To support SYS_getdents, buffer is rewritten everytime the syscall is
called: as per the documentation, d_type is always the last byte in the
structure, so the rewrite:

  1. gets d_type from the last byte in the structure
  2. shifts d_name by one
  3. stores d_type where d_name was previously
  4. clears previous d_type location

Diff Detail

Event Timeline

Herald added projects: Restricted Project, Restricted Project. · View Herald TranscriptApr 6 2023, 12:56 PM

Add support for SYS_getdents

mikhail.ramalho published this revision for review.Apr 7 2023, 11:07 AM
mikhail.ramalho edited the summary of this revision. (Show Details)
mikhail.ramalho edited the summary of this revision. (Show Details)

Fix error message

michaelrj added inline comments.Apr 11 2023, 3:45 PM
libc/src/__support/File/dir.cpp
45

this struct should be moved to its own file in include/llvm-libc-types/ to match struct dirent

51

you should probably add a comment clarifying that the 1 here represents the minimum width of this string, and that this struct has a variable length.

libc/src/__support/File/dir.cpp
45

struct linux_dirent is kinda an oddball... glibc never defines it, see https://man7.org/linux/man-pages/man2/getdents.2.html:
Note: There is no definition of struct linux_dirent in glibc; see NOTES.

The notes mention:

Library support for getdents64() was added in glibc 2.30; Glibc
does not provide a wrapper for getdents(); call getdents() (or
getdents64() on earlier glibc versions) using syscall(2).  In
that case you will need to define the linux_dirent or
linux_dirent64 structure yourself.

Maybe I can add a comment just explaining that?

I also doesn't seem to be exposed by the kernel: https://elixir.bootlin.com/linux/v4.7/source/fs/readdir.c#L150

51

will do!

sivachandra added inline comments.Apr 13 2023, 12:57 AM
libc/include/llvm-libc-types/ino64_t.h
12 ↗(On Diff #511741)

As far as I can tell, this is exactly the same as ino_t. Why do we need this?

libc/include/llvm-libc-types/struct_dirent.h
12

This will pollute user namespace.

17

This type definition should live in llvm-libc-types/ino_t.h. Similar structuring for off_t;

21

Have you checked to see if this breaks x86_64?

libc/src/__support/File/dir.cpp
41

This file is supposed to contain the platform independent implementation. Can we improve the platform abstraction to push variance within Linux into the Linux implementation?

81

Calling memcpy on overlapping source and destination memory is undefined.

mikhail.ramalho marked 4 inline comments as done.Apr 17 2023, 6:35 AM
mikhail.ramalho added inline comments.
libc/include/llvm-libc-types/ino64_t.h
12 ↗(On Diff #511741)

I'm following glibc here, as it defines both types separately, despite them being the same. Do you think it's better to remove it and just typedef ino64_t to be ino_t?

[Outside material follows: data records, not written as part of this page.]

(* Since μ <= |λ_1|^e <= 1, the polydisc of radius μ lies in the unit one. *)
Lemma polydisc_in_unit (lam z : list Cx) (e : nat) (mu : R) :
  length z = length lam -> Forall (fun l => Cnorm l < 1) lam ->
  Forall (fun l => mu <= Cnorm l ^ e) lam ->
  Forall (fun zi => Cnorm zi <= mu) z -> Forall (fun zi => Cnorm zi <= 1) z.
Proof.
  intros Hlen Hlam Hmu Hz. destruct lam as [|a lam].
  - destruct z; [constructor|discriminate].
  - apply Forall_inv in Hlam, Hmu. pose proof (Cnorm_pos a).
    assert (Cnorm a ^ e <= 1) by (rewrite <- (pow1 e); apply pow_incr; lra).
    eapply Forall_impl; [|exact Hz]. simpl; intros; lra.
Qed.

Lemma mv_ext_mat (d : nat) (M M' : mat) (v : vec) (j : nat) :
  mat_eq d M M' -> (j < d)%nat -> mv d M v j = mv d M' v j.
Proof.
  intros H Hj. unfold mv, Csum. apply Clsum_ext. intros x Hx. apply in_seq in Hx.
  rewrite H; auto; lia.
Qed.

Lemma mv_ext_vec (d : nat) (M : mat) (v v' : vec) (j : nat) :
  (forall j', v j' = v' j') -> mv d M v j = mv d M v' j.
Proof. intro H. unfold mv, Csum. apply Clsum_ext. intros x _. rewrite H; reflexivity. Qed.

Lemma mv_zero (d : nat) (M : mat) (j : nat) : mv d M (fun _ => C0) j = C0.
Proof.
  unfold mv, Csum. transitivity (Clsum (map (fun _ : nat => C0) (seq 0 d))).
  - apply Clsum_ext; intros; ring.
  - apply Clsum_zero.
Qed.

Lemma mv_scal (d : nat) (M : mat) (c : Cx) (v : vec) (j : nat) :
  mv d M (fun j' => Cmul c (v j')) j = Cmul c (mv d M v j).
Proof. unfold mv, Csum. rewrite <- Clsum_scal. apply Clsum_ext; intros; ring. Qed.

Lemma mv_lsum {A} (d : nat) (M : mat) (l : list A) (f : A -> vec) (j : nat) :
  mv d M (fun j' => Clsum (map (fun x => f x j') l)) j = Clsum (map (fun x => mv d M (f x) j) l).
Proof.
  unfold mv, Csum. rewrite <- Clsum_exch. apply Clsum_ext; intros. symmetry. apply Clsum_scal.
Qed.

Lemma mv_mm (d : nat) (M M' : mat) (v : vec) (j : nat) :
  mv d M (mv d M' v) j = mv d (mm d M M') v j.
Proof.
  transitivity (Clsum (map (fun j'' => mv d M (fun j' => Cmul (M' j' j'') (v j'')) j) (seq 0 d))).
  { apply (mv_lsum d M (seq 0 d) (fun j'' j' => Cmul (M' j' j'') (v j''))). }
  unfold mv, mm, Csum. apply Clsum_ext; intros. rewrite <- Clsum_scal_r.
  apply Clsum_ext; intros; ring.
Qed.

Lemma Clsum_idm_row (v : vec) (j : nat) (l : list nat) :
  NoDup l ->
  Clsum (map (fun j' => Cmul (idm j j') (v j')) l) = if in_dec Nat.eq_dec j l then v j else C0.
Proof.
  induction l as [|a l IH]; intro Hnd; [reflexivity|].
  inversion Hnd as [|? ? Ha Hnd']; subst.
  change (Cadd (Cmul (idm j a) (v a)) (Clsum (map (fun j' => Cmul (idm j j') (v j')) l))
          = if in_dec Nat.eq_dec j (a :: l) then v j else C0).
  rewrite IH by exact Hnd'. unfold idm.
  destruct (in_dec Nat.eq_dec j (a :: l)) as [Hin|Hnin];
    destruct (in_dec Nat.eq_dec j l) as [Hl|Hl]; destruct (Nat.eqb_spec j a) as [->|Hja];
    simpl in *; try tauto; try ring.
  destruct Hin; [congruence|tauto].
Qed.

Lemma mv_idm (d : nat) (v : vec) (j : nat) : (j < d)%nat -> mv d idm v j = v j.
Proof.
  intro Hj. unfold mv, Csum. rewrite Clsum_idm_row by apply seq_NoDup.
  destruct (in_dec Nat.eq_dec j (seq 0 d)) as [|Hn]; [reflexivity|].
  exfalso; apply Hn, in_seq; lia.
Qed.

libc/include/llvm-libc-types/struct_dirent.h
12

Do you have any suggestions on how to have SYS_getdents64 available here?

21

No regressions in x86_64.

libc/src/__support/File/dir.cpp
41

do you mean creating a linux/ dir with the Dir::read() implementation?

81

changed to memmove.

mikhail.ramalho marked 2 inline comments as done.
  • Added comment about string lenght
  • changed memcopy to memmove to prevent UB
jrtc27 requested changes to this revision.Apr 17 2023, 7:01 AM
jrtc27 added inline comments.
libc/include/llvm-libc-types/ino64_t.h
12 ↗(On Diff #514209)

uintptr_t is most certainly not the same thing as ino64_t. I remember complaining about ino_t and time_t(?) being typedef'ed to that a while back but nobody fixed it. NAK on this though; use proper types.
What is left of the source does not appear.